My niece makes sandwiches between big lettuce leaves instead of bread.


----------



## Colbyt

85/15 has the best overall flavor profile minimum waste. It is what the burger broiler guys use. It is also very hard to find at the grocery.


80/20 is about all you will find that is worth buying. I would not feed a dog the 73/27 that Kroger sells.


----------



## ktownskier

Whole Foods sells what they call the Superior Burger. It is a mixture of chuck, brisket and sirloin. It has great flavor and decent fat without being too fatty. I think it is 85/15 or thereabouts. 

I made a similar mix of my own before I gave my cuisinart to my daughter. I used the different cuts of meat and combined them in the processor. 

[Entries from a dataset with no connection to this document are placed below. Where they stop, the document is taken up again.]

(* Let $G\ge 2$ and $p_t\in(0,1)$. Let $r_{t,1},\dots,r_{t,G}$ be i.i.d. $\mathrm{Bernoulli}(p_t)$, $R=\sum_j r_{t,j}$, $\hat p_t=R/G$, $\hat A_{t,i}=r_{t,i}-\hat p_t$, $A_{t,i}=r_{t,i}-p_t$, $\mathcal S=\{1\le R\le G-1\}$, and fix $i\in[G]$. (a) If $p_t<1/2$, then for every $\epsilon\in\bigl(0,\ \mathbb E[\hat p_t\mid\mathcal S]-p_t\bigr)$, \[ \mathbb P\!\left(A_{t,i}-\hat A_{t,i}>\epsilon\mid\mathcal S\right)=\frac{\sum_{k=\lfloor G(p_t+\epsilon)\rfloor+1}^{G-1}\binom{G}{k}p_t^k(1-p_t)^{G-k}}{1-(1-p_t)^G-p_t^G}. \] (b) If $p_t>1/2$, then for every $\epsilon\in\bigl(0,\ p_t-\mathbb E[\hat p_t\mid\mathcal S]\bigr)$, \[ \mathbb P\!\left(\hat A_{t,i}-A_{t,i}>\epsilon\mid\mathcal S\right)=\frac{\sum_{k=1}^{\lceil G(p_t-\epsilon)\rceil-1}\binom{G}{k}p_t^k(1-p_t)^{G-k}}{1-(1-p_t)^G-p_t^G}. \]
   Context: Binary-reward group setting: $G$ i.i.d. Bernoulli$(p_t)$ rewards for one prompt, group baseline $\hat p_t$, group-relative advantage $\hat A_{t,i}$, expected advantage $A_{t,i}$, and non-degenerate event $\mathcal S$. A prompt with $p_t<1/2$ is called hard and one with $p_t>1/2$ easy. *)

From HB Require Import structures.
From mathcomp Require Import all_boot all_order all_algebra.
From mathcomp Require Import reals.
Set Implicit Arguments. Unset Strict Implicit. Unset Printing Implicit Defensive.
Import Order.TTheory GRing.Theory Num.Theory.
Local Open Scope ring_scope.

Definition outcome (G : nat) := {ffun 'I_G -> bool}.

Definition weight (R : realType) (G : nat) (p : R) (w : outcome G) : R :=
  \prod_(j < G) (if w j then p else 1 - p).

Definition Pr (R : realType) (G : nat) (p : R) (E : pred (outcome G)) : R :=
  \sum_(w : outcome G | E w) weight p w.

Definition condPr (R : realType) (G : nat) (p : R) (E S : pred (outcome G)) : R :=
  Pr p [pred w | E w && S w] / Pr p S.

Definition condE (R : realType) (G : nat) (p : R) (X : outcome G -> R)
  (S : pred (outcome G)) : R :=
  (\sum_(w : outcome G | S w) weight p w * X w) / Pr p S.

Definition Rsum (G : nat) (w : outcome G) : nat := \sum_(j < G) nat_of_bool (w j).

Definition phat (R : realType) (G : nat) (w : outcome G) : R := (Rsum w)%:R / G%:R.

Definition Ahat (R : realType) (G : nat) (i : 'I_G) (w : outcome G) : R :=
  (nat_of_bool (w i))%:R - phat R w.

Definition Aexp (R : realType) (G : nat) (p : R) (i : 'I_G) (w : outcome G) : R :=
  (nat_of_bool (w i))%:R - p.

Definition nondeg (G : nat) : pred (outcome G) :=
  [pred w | (1 <= Rsum w)%N && (Rsum w <= G - 1)%N].

From HB Require Import structures.
From mathcomp Require Import all_boot all_order all_algebra.
From mathcomp Require Import reals.
From mathcomp Require Import zify ring lra.
Import Order.TTheory GRing.Theory Num.Theory.
Local Open Scope ring_scope.

(* Since A_i - Ahat_i = phat - p, both events depend on the outcome only through the
   number of successes R, which is Binomial(G, p): exactly 'C(G, k) outcomes have
   R = k, each of weight p^k (1-p)^(G-k).  Conditioning on S divides by
   P(S) = 1 - (1-p)^G - p^G.  The event phat - p > eps reads R > floor(G (p + eps)),
   which already forces R >= 1, so only R = G has to be excluded; symmetrically
   p - phat > eps reads R < ceil(G (p - eps)) <= G, and only R = 0 is excluded. *)

Section BinomialLaw.
Variables (R : realType) (G : nat) (p : R).

Definition binomial_mass (k : nat) : R :=
  ('C(G, k))%:R * p ^+ k * (1 - p) ^+ (G - k).

Definition outcome_of_set (A : {set 'I_G}) : outcome G := [ffun j => j \in A].

Lemma outcome_of_setK : cancel outcome_of_set (fun w => [set j | w j]).
Proof. by move=> A; apply/setP => j; rewrite inE ffunE. Qed.

Lemma Rsum_card (w : outcome G) : Rsum w = #|[set j | w j]|.
Proof.
rewrite /Rsum -sum1_card [in RHS]big_mkcond /=.
by apply: eq_bigr => j _; rewrite inE; case: (w j).
Qed.

Lemma Rsum_le (w : outcome G) : (Rsum w <= G)%N.
Proof. by rewrite Rsum_card -[X in (_ <= X)%N]card_ord max_card. Qed.

Lemma weight_Rsum (w : outcome G) :
  weight p w = p ^+ Rsum w * (1 - p) ^+ (G - Rsum w).
Proof.
rewrite /weight (bigID (fun j => w j)) /=.
rewrite [X in X * _](eq_bigr (fun _ => p)) => [|j ->] //.
rewrite [X in _ * X](eq_bigr (fun _ => 1 - p)) => [|j /negPf ->] //.
have card_w : #|[pred j | w j]| = Rsum w.
  by rewrite Rsum_card; apply: eq_card => j; rewrite inE.
have card_notw : #|[pred j | ~~ w j]| = (G - Rsum w)%N.
  have := cardC [pred j | w j]; rewrite card_ord card_w.
  rewrite (eq_card (B := [pred j | ~~ w j])) //; lia.
by rewrite !GRing.prodr_const card_w card_notw.
Qed.

Lemma card_Rsum_eq (k : nat) :
  #|[pred w : outcome G | Rsum w == k]| = 'C(G, k).
Proof.
rewrite -[in RHS](card_ord G) -card_draws.
have inj : injective (fun w : outcome G => [set j | w j]).
  by move=> w1 w2 /setP e; apply/ffunP => j; have := e j; rewrite !inE.
rewrite -(card_imset _ inj); apply: eq_card => A; rewrite inE.
apply/imsetP/idP => [[w /eqP <- ->]|/eqP cardA]; first by rewrite -Rsum_card.
exists (outcome_of_set A); last by rewrite outcome_of_setK.
by rewrite inE Rsum_card outcome_of_setK cardA.
Qed.

Lemma Pr_Rsum (E : pred (outcome G)) (P : pred nat) :
  (forall w, E w = P (Rsum w)) ->
  Pr p E = \sum_(k < G.+1 | P k) binomial_mass k.
Proof.
move=> defE; rewrite /Pr (eq_bigl _ _ defE).
rewrite (partition_big (fun w => inord (Rsum w) : 'I_G.+1) P) => /= [|w]; last first.
  by rewrite inordK // ltnS Rsum_le.
apply: eq_bigr => k Pk.
rewrite (eq_bigl (fun w => Rsum w == k)) => [|w]; last first.
  apply/andP/eqP => [[_ /eqP <-]|Ek]; first by rewrite inordK // ltnS Rsum_le.
  by rewrite Ek Pk; split=> //; apply/eqP/val_inj; rewrite /= inordK.
rewrite (eq_bigr (fun _ => p ^+ k * (1 - p) ^+ (G - k))) => [|w /eqP <-]; last first.
  exact: weight_Rsum.
rewrite sumr_const (eq_card (B := [pred w | Rsum w == k])) // card_Rsum_eq.
by rewrite -mulr_natl mulrA.
Qed.

Lemma nondegE (w : outcome G) : (0 < G)%N -> nondeg w = (0 < Rsum w < G)%N.
Proof. by move=> G_gt0; rewrite /nondeg inE; congr (_ && _); lia. Qed.

Lemma sum_binomial_mass : \sum_(k < G.+1) binomial_mass k = 1.
Proof.
rewrite -(expr1n R G) -{1}(subrK p 1) exprDn.
by apply: eq_bigr => k _; rewrite /binomial_mass -mulr_natl; ring.
Qed.

Lemma Pr_nondeg : (0 < G)%N -> Pr p (@nondeg G) = 1 - (1 - p) ^+ G - p ^+ G.
Proof.
move=> G_gt0.
rewrite (@Pr_Rsum _ (fun k => (0 < k < G)%N)) => [|w]; last exact: nondegE.
have := sum_binomial_mass.
rewrite (bigD1 ord0) //= (bigD1 ord_max) /=; last by rewrite -val_eqE /= -lt0n.
rewrite (eq_bigl (fun k : 'I_G.+1 => (0 < k < G)%N)) => [|k]; last first.
  rewrite -!val_eqE /=; have := ltn_ord k; lia.
rewrite /binomial_mass subn0 subnn bin0 binn expr0 !mulr1 !mul1r; lra.
Qed.

Lemma condPr_nondeg_Rsum (E : pred (outcome G)) (P : pred nat) :
  (0 < G)%N -> (forall w, E w = P (Rsum w)) ->
  condPr p E (@nondeg G) =
  (\sum_(k < G.+1 | P k && (0 < k < G)%N) binomial_mass k)
  / (1 - (1 - p) ^+ G - p ^+ G).
Proof.
move=> G_gt0 defE; rewrite /condPr Pr_nondeg //; congr (_ / _).
by apply: (@Pr_Rsum _ (fun k => P k && (0 < k < G)%N)) => w; rewrite /= defE nondegE.
Qed.

End BinomialLaw.

Lemma ltr_pdivlMn_floor (R : realType) (x : R) (k n : nat) :
  (0 < n)%N -> (x < k%:R / n%:R) = (Num.floor (n%:R * x) < k%:Z).
Proof. by move=> n_gt0; rewrite floor_lt_int ltr_pdivlMr ?ltr0n // mulrC. Qed.

Lemma ltr_pdivrMn_ceil (R : realType) (x : R) (k n : nat) :
  (0 < n)%N -> (k%:R / n%:R < x) = (k%:Z < Num.ceil (n%:R * x)).
Proof. by move=> n_gt0; rewrite ceil_gt_int ltr_pdivrMr ?ltr0n // mulrC. Qed.

Section Advantages.
Variables (R : realType) (G : nat) (p : R) (i : 'I_G).

Lemma Aexp_sub_Ahat (w : outcome G) : Aexp p i w - Ahat R i w = phat R w - p.
Proof. by rewrite /Aexp /Ahat; ring. Qed.

Lemma Ahat_sub_Aexp (w : outcome G) : Ahat R i w - Aexp p i w = p - phat R w.
Proof. by rewrite /Aexp /Ahat; ring. Qed.

End Advantages.

Theorem theorem2 (R : realType) (G : nat) (p : R) (i : 'I_G) :
  (2 <= G)%N -> 0 < p -> p < 1 ->
  (p < 1 / 2 ->
   forall eps : R, 0 < eps -> eps < condE p (@phat R G) (@nondeg G) - p ->
   condPr p [pred w | Aexp p i w - Ahat R i w > eps] (@nondeg G) =
   (\sum_(k < G | Num.floor (G%:R * (p + eps)) < k%:Z)
       ('C(G, k))%:R * p ^+ k * (1 - p) ^+ (G - k))
   / (1 - (1 - p) ^+ G - p ^+ G)) /\
  (1 / 2 < p ->
   forall eps : R, 0 < eps -> eps < p - condE p (@phat R G) (@nondeg G) ->
   condPr p [pred w | Ahat R i w - Aexp p i w > eps] (@nondeg G) =
   (\sum_(k < G.+1 | (1 <= k)%N && (k%:Z < Num.ceil (G%:R * (p - eps))))
       ('C(G, k))%:R * p ^+ k * (1 - p) ^+ (G - k))
   / (1 - (1 - p) ^+ G - p ^+ G)).
Proof.
move=> G_ge2 p_gt0 p_lt1; have G_gt0 : (0 < G)%N by lia.
(* Both formulas hold for every eps > 0: the bounds on p and eps only make them non-trivial. *)
split=> _ eps eps_gt0 _.
- rewrite (@condPr_nondeg_Rsum _ _ _ _ (fun k => eps < k%:R / G%:R - p)) //; last first.
    by move=> w; rewrite /= Aexp_sub_Ahat.
  congr (_ / _); rewrite [RHS](big_ord_widen_cond G.+1
    (fun k => Num.floor (G%:R * (p + eps)) < k%:Z) (binomial_mass R G p)) //.
  apply: eq_bigl => k; rewrite ltrBrDr addrC ltr_pdivlMn_floor //.
  have floor_ge0 : 0 <= Num.floor (G%:R * (p + eps)).
    by rewrite floor_ge0 mulr_ge0 // addr_ge0 // ltW.
  case: ltP => [floor_lt|_] //=.
  by rewrite -ltz_nat (le_lt_trans floor_ge0 floor_lt).
- rewrite (@condPr_nondeg_Rsum _ _ _ _ (fun k => eps < p - k%:R / G%:R)) //; last first.
    by move=> w; rewrite /= Ahat_sub_Aexp.
  congr (_ / _); apply: eq_bigl => k; rewrite ltrBrDl -ltrBrDr ltr_pdivrMn_ceil //.
  have ceil_le : Num.ceil (G%:R * (p - eps)) <= G%:Z.
    rewrite ceil_le_int -[X in _ <= X]mulr1 ler_wpM2l ?ler0n //; lra.
  case: ltP => [ceil_gt|_]; rewrite ?andbF ?andbT //.
  have k_lt : (k < G)%N by rewrite -ltz_nat (lt_le_trans ceil_gt ceil_le).
  by rewrite k_lt andbT.
Qed.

As for how to cook the burger, it has to be on a grill. Preferably charcoal, but I use my gas grill most of the time. It all depends on who I am cooking for. And what I am cooking. 

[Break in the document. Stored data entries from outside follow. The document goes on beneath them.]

Lemma graphs_sup_loop (a : 'I_n) H : graphs_sup ([set a] |: H) = set0.
Proof.
apply/setP => G; rewrite in_set0; apply/negP => /graphs_supP[/is_graphP gG _ /subsetP aG].
by have := gG _ (aG _ (setU11 _ _)); rewrite cards1.
Qed.

Lemma graphs_deg_graphical G : G \in graphs_deg d -> graphical d.
Proof. by move=> GG; apply/set0Pn; exists G. Qed.

Lemma leq_Delta i : d i <= Delta d.
Proof. exact: leq_bigmax. Qed.

Lemma Delta_le_n : graphical d -> Delta d <= n.
Proof.
case/set0Pn => G /graphs_degP [gG dG].
apply/bigmax_leqP => i _; rewrite -dG -card_nbr //.
by apply: leq_trans (max_card _) _; rewrite card_ord.
Qed.

Lemma dsum_subset A B : A \subset B -> dsum d A <= dsum d B.
Proof.
move=> /subsetP AB; rewrite /dsum [X in X <= _]big_mkcond [X in _ <= X]big_mkcond.
by apply: leq_sum => i _; case: ifP => // /AB ->.
Qed.

Lemma dsum_le_Jsum A : graphical d -> #|A| <= Delta d -> dsum d A <= Jsum d.
Proof.
move=> gd leAD.
have [B [AB cardB]] : exists B, A \subset B /\ #|B| = Delta d.
  have : Delta d - #|A| <= #|~: A|.
    by have := cardsC A; rewrite card_ord; have := Delta_le_n gd; lia.
  case/card_geqP => s [us ss sA]; exists (A :|: [set x in s]); split; first exact: subsetUl.
  have AsI : A :&: [set x in s] = set0.
    by apply/setP => x; rewrite !inE; case xA: (x \in A) => //=; apply/negP => /sA; rewrite inE xA.
  by rewrite cardsU AsI cards0 subn0 cardsE (card_uniqP us) ss subnKC.
apply: leq_trans (dsum_subset AB) _.
by rewrite /Jsum (leq_bigmax_cond B) ?cardB.
Qed.

Lemma Delta_le_Jsum : graphical d -> Delta d <= Jsum d.
Proof.
move=> gd; have [->//|Dpos] := posnP (Delta d).
have n0 : 0 < #|'I_n| by rewrite card_ord (leq_trans Dpos (Delta_le_n gd)).
have [i Di] := bigop.eq_bigmax d n0.
have := @dsum_le_Jsum [set i] gd; rewrite /dsum big_set1 cards1 /Delta Di; apply.
by rewrite -Di.
Qed.

Lemma card_arcs_deg G : G \in graphs_deg d -> #|arcs G| = Msum d.
Proof. by case/graphs_degP => gG dG; rewrite card_arcs_sum //; apply: eq_bigr. Qed.

Lemma card_paths2 G w : G \in graphs_deg d -> #|paths2 G w| <= Jsum d.
Proof.
move=> GG; have [gG dG] := graphs_degP _ GG.
rewrite (card_pairs (fun a b => ([set w; a] \in G) && ([set a; b] \in G))).
have -> : \sum_a #|[set b | ([set w; a] \in G) && ([set a; b] \in G)]| = dsum d (nbr G w).
  rewrite /dsum [RHS]big_mkcond; apply: eq_bigr => a _; rewrite inE.
  case: ([set w; a] \in G); first by rewrite card_nbr.
  by apply/eqP; rewrite cards_eq0; apply/eqP/setP => b; rewrite !inE.
by apply: dsum_le_Jsum (graphs_deg_graphical GG) _; rewrite card_nbr // dG leq_Delta.
Qed.

End DegreeSequence.

Lemma in_set2_nat (T : finType) (a b w : T) :
  a != b -> (w \in [set a; b]) = (w == a) + (w == b) :> nat.
Proof.
by move=> ab; rewrite in_set2; have [->|wa] := eqVneq w a; [rewrite (negbTE ab) | case: (w == b)].
Qed.

Lemma set2_neq (T : finType) (a b : T) (B : {set T}) : a \notin B -> [set a; b] != B.
Proof. by apply: contraNneq => <-; rewrite set21. Qed.

(** * Switchings *)

Section Switching.
Variables (n : nat) (d : 'I_n -> nat) (H : {set {set 'I_n}}) (u v : 'I_n).
Implicit Types (G : {set {set 'I_n}}) (p : 'I_n * 'I_n).
Local Notation e := [set u; v].

(* The switching at p = (x, y) replaces the edges uv, xy by ux, vy.  [forward G p]: it applies
   to G and keeps H; [backward G p]: G contains ux, vy outside H, as after such a switching. *)
Definition forward G p := [&& [set p.1; p.2] \in G :\: H, p.1 \notin e, p.2 \notin e,
  [set u; p.1] \notin G & [set v; p.2] \notin G].

Definition backward G p := ([set u; p.1] \in G :\: H) && ([set v; p.2] \in G :\: H).

Definition switch G p := [set u; p.1] |: ([set v; p.2] |: (G :\ e :\ [set p.1; p.2])).

Definition unswitch G p := G :\ [set u; p.1] :\ [set v; p.2] :|: [set e; [set p.1; p.2]].

Lemma card_backward G :
  G \in graphs_sup d H -> #|[set p | backward G p]| = (d u - deg H u) * (d v - deg H v).
Proof.
case/graphs_supP => gG dG HG; have gGH := is_graph_subset (subsetDl G H) gG.
have -> : [set p | backward G p] = setX (nbr (G :\: H) u) (nbr (G :\: H) v).
  by apply/setP => -[x y]; rewrite !inE /backward /= !inE.
by rewrite cardsX !card_nbr // !deg_setD // !dG.
Qed.

Definition blocked G := [set f in G | (f \in H) || (f :&: e != set0)].

Lemma arcs_cover G : arcs G \subset
  [set p | forward G p] :|: arcs (blocked G) :|: paths2 G u :|: [set p | (p.2, p.1) \in paths2 G v].
Proof.
apply/subsetP => -[x y]; rewrite inE /= => xyG.
have to_blocked : [set x; y] \in H \/ x \in e \/ y \in e -> (x, y) \in arcs (blocked G).
  move=> hb; rewrite inE /= inE xyG; case: hb => [-> // | hb]; apply/orP; right.
  by apply/set0Pn; case: hb => [xe|ye]; [exists x | exists y]; rewrite in_setI ?set21 ?set22.
rewrite !in_setU.
have [xyH|xyH] := boolP ([set x; y] \in H); first by rewrite to_blocked ?orbT //; left.
have [xe|xe] := boolP (x \in e); first by rewrite to_blocked ?orbT //; right; left.
have [ye|ye] := boolP (y \in e); first by rewrite to_blocked ?orbT //; right; right.
have [uxG|uxG] := boolP ([set u; x] \in G); first by rewrite [_ \in paths2 _ _]inE /= uxG xyG !orbT.
have [vyG|vyG] := boolP ([set v; y] \in G).
  rewrite [_ \in [set p | (p.2, p.1) \in _]]inE /= [(y, x) \in _]inE /=.
  by rewrite vyG [[set y; x]]setUC xyG !orbT.
by rewrite inE /forward /= in_setD xyH xyG xe ye uxG vyG.
Qed.

Lemma card_blocked G : G \in graphs_deg d -> #|blocked G| <= #|H| + 2 * Delta d.
Proof.
case/graphs_degP => _ dG.
have : blocked G \subset H :|: [set f in G | u \in f] :|: [set f in G | v \in f].
  apply/subsetP => f; rewrite !inE => /andP[fG /orP[-> // | /set0Pn[z]]].
  by rewrite !inE fG => /andP[zf /orP[]/eqP <-]; rewrite zf !orbT.
move/subset_leq_card/leq_trans; apply.
have := leq_Delta d u; have := leq_Delta d v; rewrite -!dG /deg.
have := leq_card_setU H [set f in G | u \in f].
have := leq_card_setU (H :|: [set f in G | u \in f]) [set f in G | v \in f].
by case=> + _ [+ _]; lia.
Qed.

Lemma card_forward G : G \in graphs_sup d (e |: H) ->
  Msum d <= #|[set p | forward G p]| + (2 * #|H| + switch_loss d).
Proof.
case/graphs_supP => gG dG _; have GG : G \in graphs_deg d by apply/graphs_degP.
have g_blocked : is_graph (blocked G).
  by apply: is_graph_subset gG; apply/subsetP => f; rewrite inE => /andP[].
rewrite -(card_arcs_deg GG); apply: leq_trans (subset_leq_card (arcs_cover G)) _.
have := card_paths2 u GG; have := card_paths2 v GG; rewrite -card_swap.
have := card_arcs g_blocked; have := card_blocked GG.
set F := [set p | forward G p]; set P1 := paths2 G u; set P2 := [set p | _ \in paths2 G v].
have := leq_card_setU F (arcs (blocked G)); have := leq_card_setU (F :|: arcs (blocked G)) P1.
have := leq_card_setU (F :|: arcs (blocked G) :|: P1) P2.
by rewrite /switch_loss; case=> + _ [+ _] [+ _]; lia.
Qed.

Hypotheses (uv : u != v) (eH : e \notin H).

Section OneSwitch.
Variables (G : {set {set 'I_n}}) (x y : 'I_n).
Hypotheses (GG : G \in graphs_sup d (e |: H)) (fxy : forward G (x, y)).

Let gG : is_graph G. Proof. by case/graphs_supP: GG. Qed.
Let dG i : deg G i = d i. Proof. by case/graphs_supP: GG. Qed.
Let eG : e \in G. Proof. by case/graphs_supP: GG => _ _ /subsetP; apply; rewrite setU11. Qed.
Let HG : H \subset G.
Proof. by case/graphs_supP: GG => _ _; apply: subset_trans (subsetU1 _ _). Qed.
Let xyG : [set x; y] \in G. Proof. by case/and5P: fxy; rewrite in_setD => /andP[]. Qed.
Let xyH : [set x; y] \notin H. Proof. by case/and5P: fxy; rewrite in_setD => /andP[]. Qed.
Let uxG : [set u; x] \notin G. Proof. by case/and5P: fxy. Qed.
Let vyG : [set v; y] \notin G. Proof. by case/and5P: fxy. Qed.
Let neq_xy : x != y.
Proof. by have := is_graphP _ gG _ xyG; rewrite cards2; case: (x != y). Qed.
Let neq_ux : (u != x) && (v != x).
Proof. by case/and5P: fxy => _ + _ _ _; rewrite in_set2 negb_or ![x == _]eq_sym. Qed.
Let neq_uy : (u != y) && (v != y).
Proof. by case/and5P: fxy => _ _ + _ _; rewrite in_set2 negb_or ![y == _]eq_sym. Qed.

Lemma switch_deg w : deg (switch G (x, y)) w = deg G w.
Proof.
case/andP: neq_ux => ux vx; case/andP: neq_uy => uy vy.
have xy_e : [set x; y] \in G :\ e.
  by rewrite !inE xyG andbT set2_neq // in_set2 negb_or !(eq_sym x) ux vx.
have ux_new : [set u; x] \notin [set v; y] |: (G :\ e :\ [set x; y]).
  by rewrite !inE (negbTE uxG) !andbF orbF set2_neq // in_set2 negb_or uv.
have vy_new : [set v; y] \notin G :\ e :\ [set x; y] by rewrite !inE (negbTE vyG) !andbF.
rewrite /switch /= !deg_setU1 (deg_setD1 e G) (deg_setD1 [set x; y] (G :\ e)).
rewrite eG xy_e (negbTE ux_new) (negbTE vy_new) !andbT !addnA; congr (_ + _).
by rewrite !in_set2_nat // addnACA.
Qed.

Lemma switch_sup : switch G (x, y) \in graphs_sup d H.
Proof.
case/andP: neq_ux => ux _; case/andP: neq_uy => _ vy.
apply/graphs_supP; split; last 1 first.
- apply/subsetP => f fH; rewrite !inE (subsetP HG f fH).
  have f_xy : f != [set x; y] by apply: contraNneq xyH => <-.
  have fe : f != e by apply: contraNneq eH => <-.
  by rewrite f_xy fe !orbT.
- apply/is_graphP => f; rewrite !inE => /or3P[/eqP-> | /eqP-> | /andP[_ /andP[_]]].
  + by rewrite cards2 ux.
  + by rewrite cards2 vy.
  + exact: (is_graphP _ gG).
- by move=> i; rewrite switch_deg dG.
Qed.

Lemma switch_backward : backward (switch G (x, y)) (x, y).
Proof.
rewrite /backward /switch /= !in_setD !in_setU1 !eqxx orbT /= !andbT.
by rewrite (contra (subsetP HG _) uxG) (contra (subsetP HG _) vyG).
Qed.

Lemma switchK : unswitch (switch G (x, y)) (x, y) = G.
Proof.
have ux_vy : [set u; x] != [set v; y].
  by case/andP: neq_uy => uy _; rewrite set2_neq // in_set2 negb_or uv.
apply/setP => f; rewrite /unswitch /switch /= !inE.
have [->|_] := eqVneq f e; first by rewrite eG !orbT.
have [->|_] := eqVneq f [set x; y]; first by rewrite xyG !orbT.
have [->|_] := eqVneq f [set u; x]; first by rewrite (negbTE uxG) (negbTE ux_vy).
have [->|_] := eqVneq f [set v; y]; first by rewrite (negbTE vyG).
by rewrite /= !orbF.
Qed.

End OneSwitch.

Lemma switching : #|graphs_sup d (e |: H)| * forward_lb d #|H| <=
  (d u - deg H u) * (d v - deg H v) * #|graphs_sup d H|.
Proof.
pose P := [set t | (t.1 \in graphs_sup d (e |: H)) && forward t.1 t.2].
pose Q := [set t | (t.1 \in graphs_sup d H) && backward t.1 t.2].
have P_ge : #|graphs_sup d (e |: H)| * forward_lb d #|H| <= #|P|.
  rewrite (card_pairs_in _ forward) -sum_nat_const; apply: leq_sum => G GG.
  by rewrite /forward_lb leq_subLR addnC card_forward.
have PQ : #|P| <= #|Q|.
  rewrite -(@card_in_imset _ _ (fun t => (switch t.1 t.2, t.2)) P); last first.
    move=> [G1 [x1 y1]] [G2 [x2 y2]] /[1!inE] /= /andP[G1G f1] /[1!inE] /= /andP[G2G f2].
    by case=> eqG ex ey; rewrite -(switchK G1G f1) -(switchK G2G f2) eqG -ex -ey.
  apply/subset_leq_card/subsetP => _ /imsetP[[G [x y]] /[1!inE] /= /andP[GG fp] ->].
  by rewrite inE /= switch_sup // switch_backward.
have Q_le : #|Q| <= (d u - deg H u) * (d v - deg H v) * #|graphs_sup d H|.
  rewrite (card_pairs_in _ backward) mulnC -sum_nat_const.
  by apply/eq_leq/eq_bigr => G GG; rewrite card_backward.
exact: leq_trans P_ge (leq_trans PQ Q_le).
Qed.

Now, for the burger type. There is what i call the Perfect Burger. It has grilled onions, sauteed mushrooms and swiss cheese on top. It may or may not have tomatoes and lettuce but if it does, it has to have mayo. 

And the bun has to be hardy. Like mentioned above, most regular hamburger buns will fall apart from all the juice the burger will have. You need something that has some structure. 

One thing I like to do when I make burgers is to them thinner in the center as they tend to puff up when you cook them.


----------



## danyakraster

we get 80% and then add some grinded pork and mix it all. they are much softer


----------



## Old Thomas

I buy a box of frozen Bubba burgers. They go from the freezer to the barbecue grill, then to my digestive system. They are pretty good.


----------



## J. V.

80/20 for burgers.
Costco sells a much leaner product that is actually very good for burgers. But more fat is required for burgers in my opinion.

I keep a tub of lard in my fridge. If I am using Costco ground beef I use a bout a TBLS of lard in the pan. The lard makes it much better. 
And if I have plenty lard, french fries are GREAT deep fried in lard.

Another great way to fatten up ground beef is to cut lard into the meat before making the patties. Just use a pastry tool and work in a couple TBLS per pound. It will be the best burger you eat.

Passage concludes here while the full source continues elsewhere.